Serena, the American professional tennis player who is ranked No. 1 in women’s singles tennis, said she was stunned by news that the Russian professional tennis player had tested positive for banned substance Meldonium at this year’s Australian Open. Williams, a long-time rival of Sharapova, said she thinks most people were surprised and shocked by Maria but at the same time most people were happy that she was just upfront and very honest and showed a lot of courage to admit to what she had done and what she had neglected to look at. Williams said Maria Sharapova has always showed courage in everything that she has done and this is no different and described the announcement of Sharapova as brave.

Sharapova announced the news of her positive test at a press conference in Los Angeles. Sharapova claimed she had simply made a mistake by continuing to take Mildronate (an anti-ischemic drug), also known as Meldonium, without checking to see if it was banned. Sharapova told the media she had failed to read an email that state that Meldonium had been added to the banned list on January 1, 2016. The tennis star will be provisionally suspended from playing tennis on March 12 and faces the risk of a four-year ban. In January, Meldonium was added to the list of banned performance enhancing drugs.

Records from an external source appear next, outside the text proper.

(* In the two-shock setting ($v_\pm>0$, $u_->u_+$, intermediate state $(u_*^{\epsilon_1\epsilon_2},v_*^{\epsilon_1\epsilon_2})$, shock speeds $\sigma_1^{\epsilon_1\epsilon_2},\sigma_2^{\epsilon_1\epsilon_2}$), $$\lim_{\epsilon_1,\epsilon_2\to0}\int_{\sigma_1^{\epsilon_1\epsilon_2}}^{\sigma_2^{\epsilon_1\epsilon_2}}v_*^{\epsilon_1\epsilon_2}\,d\xi=\sigma(v_+-v_-)-(u_+v_+-u_-v_-)=\tfrac12(v_-+v_+)(u_--u_+),\qquad \sigma=\tfrac12(u_-+u_+).$$
   Context: Perturbed Brio system: $u_t+(\tfrac12u^2+\tfrac12\epsilon_1v^2)_x=0$, $v_t+(uv-\epsilon_2v)_x=0$, $\epsilon_1,\epsilon_2>0$, $v>0$, with Riemann data $(u_-,v_-)$ for $x<0$, $(u_+,v_+)$ for $x>0$. A two-shock Riemann solution is one with an intermediate state $(u_*,v_* )$, $v_*>\max(v_-,v_+)$, $u_+<u_*<u_-$, such that $$u_*=u_-+(v_*-v_-)\frac{\epsilon_2-\sqrt{\epsilon_2^2+4\epsilon_1(v_*+v_-)^2}}{v_*+v_-},\qquad u_+=u_*+(v_+-v_* )\frac{\epsilon_2+\sqrt{\epsilon_2^2+4\epsilon_1(v_*+v_+)^2}}{v_*+v_+},$$ with shock speeds $\sigma_1=u_-+\frac{v_*(u_*-u_-)}{v_*-v_-}-\epsilon_2$ and $\sigma_2=u_++\frac{v_*(u_+-u_* )}{v_+-v_*}-\epsilon_2$. The limit is taken over parameters for which this solution exists. *)

From Stdlib Require Import Reals Lra.
Open Scope R_scope.

(* Two-shock Riemann solution of the perturbed Brio system with parameters
   e1 = epsilon_1, e2 = epsilon_2, Riemann data (um,vm) | (up,vp), and
   intermediate state (us,vs). *)
Definition two_shock (e1 e2 um vm up vp us vs : R) : Prop :=
  vs > Rmax vm vp /\ up < us < um /\
  us = um + (vs - vm) * ((e2 - sqrt (e2 ^ 2 + 4 * e1 * (vs + vm) ^ 2)) / (vs + vm)) /\
  up = us + (vp - vs) * ((e2 + sqrt (e2 ^ 2 + 4 * e1 * (vs + vp) ^ 2)) / (vs + vp)).

Definition sigma1 (e2 um vm us vs : R) : R :=
  um + vs * (us - um) / (vs - vm) - e2.
Definition sigma2 (e2 up vp us vs : R) : R :=
  up + vs * (up - us) / (vp - vs) - e2.

From Stdlib Require Import Reals Lra Psatz.
Open Scope R_scope.

(* Write q = e2 / (vs + vm) and p = e2 / (vs + vp).  The jump conditions say
   um - us = (vs - vm) a and us - up = (vs - vp) b with a = sqrt (q^2 + 4 e1) - q
   and b = sqrt (p^2 + 4 e1) + p, and the integral vs (sigma2 - sigma1) minus its
   claimed limit equals ((vp - vm) vs (b - a) + (vm + vp) (vp b + vm a)) / 2.
   The intermediate density vs is unbounded as e1, e2 -> 0 (a delta shock
   forms), so the first term is small only through the cancellation in b - a:
   t |-> sqrt (t^2 + c) is 1-Lipschitz, hence vs |b - a| <= 2 vs (p + q) <= 4 e2.
   The second term is O(e2 + sqrt e1) because 0 <= a <= 2 sqrt e1 and
   0 <= b <= 2 p + 2 sqrt e1. *)

Lemma sqrt_sqr_plus_lipschitz (p q c : R) : 0 <= c ->
  Rabs (sqrt (p ^ 2 + c) - sqrt (q ^ 2 + c)) <= Rabs (p - q).
Proof.
  intros Hc.
  set (X := sqrt (p ^ 2 + c)); set (Y := sqrt (q ^ 2 + c)).
  assert (HX : 0 <= X) by apply sqrt_pos.
  assert (HY : 0 <= Y) by apply sqrt_pos.
  assert (HX2 : X * X = p ^ 2 + c) by (apply sqrt_sqrt; nra).
  assert (HY2 : Y * Y = q ^ 2 + c) by (apply sqrt_sqrt; nra).
  assert (Hsq : (p * q + c) ^ 2 <= (X * Y) ^ 2).
  { replace ((X * Y) ^ 2) with ((X * X) * (Y * Y)) by ring.
    rewrite HX2, HY2. pose proof (Rmult_le_pos _ _ Hc (pow2_ge_0 (p - q))). nra. }
  assert (HXY : p * q + c <= X * Y).
  { destruct (Rle_lt_dec (p * q + c) (X * Y)); [lra |].
    pose proof (Rmult_le_pos _ _ HX HY). nra. }
  apply Rsqr_le_abs_0; unfold Rsqr; nra.
Qed.

Lemma le_sqrt_sqr_plus (t c : R) : 0 <= t -> 0 <= c -> t <= sqrt (t ^ 2 + c).
Proof.
  intros Ht Hc. rewrite <- (sqrt_pow2 t Ht) at 1.
  apply sqrt_le_1_alt. lra.
Qed.

Lemma sqrt_sqr_plus_sqr_le (t k : R) : 0 <= t -> 0 <= k -> sqrt (t ^ 2 + k ^ 2) <= t + k.
Proof.
  intros Ht Hk. rewrite <- (sqrt_pow2 (t + k)) by lra.
  apply sqrt_le_1_alt. nra.
Qed.

Lemma sqrt_div_scale (e c w : R) : 0 < w -> 0 <= c ->
  sqrt (e ^ 2 + c * w ^ 2) / w = sqrt ((e / w) ^ 2 + c).
Proof.
  intros Hw Hc.
  replace (e ^ 2 + c * w ^ 2) with (((e / w) ^ 2 + c) * w ^ 2) by (field; lra).
  rewrite sqrt_mult_alt by nra.
  rewrite sqrt_pow2 by lra. field; lra.
Qed.

Lemma two_shock_error_identity (e2 um vm up vp us vs a b : R) :
  vs <> vm -> vs <> vp -> us = um - (vs - vm) * a -> up = us + (vp - vs) * b ->
  vs * (sigma2 e2 up vp us vs - sigma1 e2 um vm us vs)
    - ((um + up) / 2 * (vp - vm) - (up * vp - um * vm))
  = ((vp - vm) * (vs * (b - a)) + (vm + vp) * (vp * b + vm * a)) / 2.
Proof.
  intros Hm Hp Eus Eup. unfold sigma1, sigma2. subst up us.
  field. split; apply Rminus_eq_contra; auto.
Qed.

Lemma shock_slopes_bounds (e1 e2 vm vp vs : R) :
  0 <= e1 -> 0 <= e2 -> 0 < vm -> 0 < vp -> 0 <= vs ->
  let q := e2 / (vs + vm) in let p := e2 / (vs + vp) in
  let a := sqrt (q ^ 2 + 4 * e1) - q in let b := sqrt (p ^ 2 + 4 * e1) + p in
  0 <= vp * b + vm * a <= 2 * e2 + 2 * (vm + vp) * sqrt e1 /\
  Rabs (vs * (b - a)) <= 4 * e2.
Proof.
  intros He1 He2 Hvm Hvp Hvs q p a b.
  set (r := sqrt e1).
  assert (Hr : 0 <= r) by apply sqrt_pos.
  assert (Er : 4 * e1 = (2 * r) ^ 2).
  { replace ((2 * r) ^ 2) with (4 * (r * r)) by ring. unfold r. rewrite sqrt_sqrt; lra. }
  assert (Eq : q * (vs + vm) = e2) by (unfold q; field; lra).
  assert (Ep : p * (vs + vp) = e2) by (unfold p; field; lra).
  assert (Hq : 0 <= q) by (unfold q; apply Rmult_le_pos; [lra | left; apply Rinv_0_lt_compat; lra]).
  assert (Hp : 0 <= p) by (unfold p; apply Rmult_le_pos; [lra | left; apply Rinv_0_lt_compat; lra]).
  assert (Hqlo := le_sqrt_sqr_plus q (4 * e1) Hq ltac:(lra)).
  assert (Hplo := le_sqrt_sqr_plus p (4 * e1) Hp ltac:(lra)).
  assert (Hqhi : sqrt (q ^ 2 + 4 * e1) <= q + 2 * r)
    by (rewrite Er; apply sqrt_sqr_plus_sqr_le; lra).
  assert (Hphi : sqrt (p ^ 2 + 4 * e1) <= p + 2 * r)
    by (rewrite Er; apply sqrt_sqr_plus_sqr_le; lra).
  assert (Hlip := sqrt_sqr_plus_lipschitz p q (4 * e1) ltac:(lra)).
  assert (Hpq : Rabs (p - q) <= p + q) by (apply Rabs_le; lra).
  split.
  - unfold a, b. split; nra.
  - replace (vs * (b - a)) with
      (vs * (sqrt (p ^ 2 + 4 * e1) - sqrt (q ^ 2 + 4 * e1)) + vs * (p + q))
      by (unfold a, b; ring).
    eapply Rle_trans; [apply Rabs_triang |].
    rewrite !Rabs_mult, (Rabs_pos_eq vs Hvs), (Rabs_pos_eq (p + q)) by lra.
    nra.
Qed.

Lemma two_shock_slopes (e1 e2 um vm up vp us vs : R) :
  0 <= e1 -> 0 < vm -> 0 < vp -> two_shock e1 e2 um vm up vp us vs ->
  let q := e2 / (vs + vm) in let p := e2 / (vs + vp) in
  vm < vs /\ vp < vs /\
  us = um - (vs - vm) * (sqrt (q ^ 2 + 4 * e1) - q) /\
  up = us + (vp - vs) * (sqrt (p ^ 2 + 4 * e1) + p).
Proof.
  intros He1 Hvm Hvp [Hvs [_ [Eus Eup]]] q p.
  pose proof (Rmax_l vm vp); pose proof (Rmax_r vm vp).
  repeat split; try lra.
  - unfold q. rewrite Eus, <- sqrt_div_scale by lra. field. lra.
  - unfold p. rewrite Eup at 1. rewrite <- sqrt_div_scale by lra. field. lra.
Qed.

Lemma two_shock_integral_error (e1 e2 um vm up vp us vs : R) :
  0 <= e1 -> 0 <= e2 -> 0 < vm -> 0 < vp -> two_shock e1 e2 um vm up vp us vs ->
  forall pr : Riemann_integrable (fun _ : R => vs)
                (sigma1 e2 um vm us vs) (sigma2 e2 up vp us vs),
    Rabs (RiemannInt pr - ((um + up) / 2 * (vp - vm) - (up * vp - um * vm)))
    <= 3 * (vm + vp) * e2 + (vm + vp) ^ 2 * sqrt e1.
Proof.
  intros He1 He2 Hvm Hvp Hshock pr.
  destruct (two_shock_slopes e1 e2 um vm up vp us vs He1 Hvm Hvp Hshock)
    as [Hsm [Hsp [Eus Eup]]].
  destruct (shock_slopes_bounds e1 e2 vm vp vs He1 He2 Hvm Hvp ltac:(lra))
    as [Hmix Hdiff].
  rewrite (RiemannInt_P15 pr : RiemannInt pr = _).
  rewrite (two_shock_error_identity e2 um vm up vp us vs _ _ ltac:(lra) ltac:(lra) Eus Eup).
  set (X := vs * _) in *. set (Y := vp * _ + vm * _) in *.
  assert (Hv : Rabs (vp - vm) <= vm + vp) by (apply Rabs_le; lra).
  assert (Hr := sqrt_pos e1).
  unfold Rdiv. rewrite Rabs_mult, (Rabs_pos_eq (/ 2)) by lra.
  eapply Rle_trans.
  { apply Rmult_le_compat_r; [lra | apply Rabs_triang]. }
  rewrite !Rabs_mult, (Rabs_pos_eq (vm + vp)), (Rabs_pos_eq Y) by lra.
  pose proof (Rabs_pos X); pose proof (Rabs_pos (vp - vm)).
  nra.
Qed.

Theorem lemma5p4 (um vm up vp : R) (hvm : 0 < vm) (hvp : 0 < vp) (hu : up < um) :
  (forall eta : R, eta > 0 ->
     exists delta : R, delta > 0 /\
       forall e1 e2 us vs : R,
         0 < e1 < delta -> 0 < e2 < delta ->
         two_shock e1 e2 um vm up vp us vs ->
         forall pr : Riemann_integrable (fun _ : R => vs)
                       (sigma1 e2 um vm us vs) (sigma2 e2 up vp us vs),
           Rabs (RiemannInt pr
                 - ((um + up) / 2 * (vp - vm) - (up * vp - um * vm))) < eta) /\
  (um + up) / 2 * (vp - vm) - (up * vp - um * vm) = / 2 * (vm + vp) * (um - up).
Proof.
  split; [| field].
  intros eta Heta.
  set (M := vm + vp).
  set (K := 3 * M + M ^ 2).
  assert (HK : 0 < K) by (unfold K, M; nra).
  set (t := Rmin 1 (eta / K)).
  assert (Ht : 0 < t) by (apply Rmin_glb_lt; [lra | apply Rdiv_lt_0_compat; lra]).
  assert (HKt : K * t <= eta).
  { apply (Rmult_le_reg_r (/ K)); [apply Rinv_0_lt_compat; lra |].
    replace (K * t * / K) with t by (field; lra). apply Rmin_r. }
  exists (t ^ 2). split; [nra |].
  intros e1 e2 us vs He1 He2 Hshock pr.
  assert (Hr : sqrt e1 < t).
  { rewrite <- (sqrt_pow2 t) by lra. apply sqrt_lt_1_alt. lra. }
  assert (Ht1 : t <= 1) by apply Rmin_l.
  assert (He2t : e2 < t) by nra.
  eapply Rle_lt_trans.
  { apply (two_shock_integral_error e1 e2); auto; lra. }
  fold M. unfold K in HKt.
  assert (HM : 0 < M) by (unfold M; lra).
  assert (3 * M * e2 < 3 * M * t) by (apply Rmult_lt_compat_l; lra).
  assert (M ^ 2 * sqrt e1 < M ^ 2 * t) by (apply Rmult_lt_compat_l; nra).
  lra.
Qed.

After the announcement by Sharapova, German car manufacturer Porsche, sportswear giant Nike, and Swiss watchmaker TAG Heuer distanced themselves from sponsorship deals with her. It was announced by TAG Heuer that it would not renew its marketing contract that expired at the end of 2015 with the tennis star. In a statement, Porsche said we regret the news about Maria Sharapova. Until more details are known and we can analyze the situation, we have decided to suspend planned activities with her. In a statement, the unit of French luxury goods group LVMH said Maria Sharapova was under contract with TAG Heuer until December 31, 2015 and added we had been in talks to extend our collaboration. In view of the current situation, the Swiss watch brand has suspended negotiations and has decided not to renew the contract.

Nike and Porsche also suspended their sponsorship of the athlete. Nike said in a statement that we have decided to suspend our relationship with Maria while the investigation continues. The statement further reads that Nike was surprised and saddened by the news.

Meanwhile, the man who created Meldonium said putting the drug on WADA banned list is violation of human rights. Professor Ivar Kalvins said Meldonium is not a performance enhancing drug and added it just helps to protect the athlete’s heart from the consequences of physical overwork and that means it watches over health of athletes. Professor Kalvins added to ban this medicine means to ban athletes from taking care of their health and he considers it to be a kind of violation of human rights.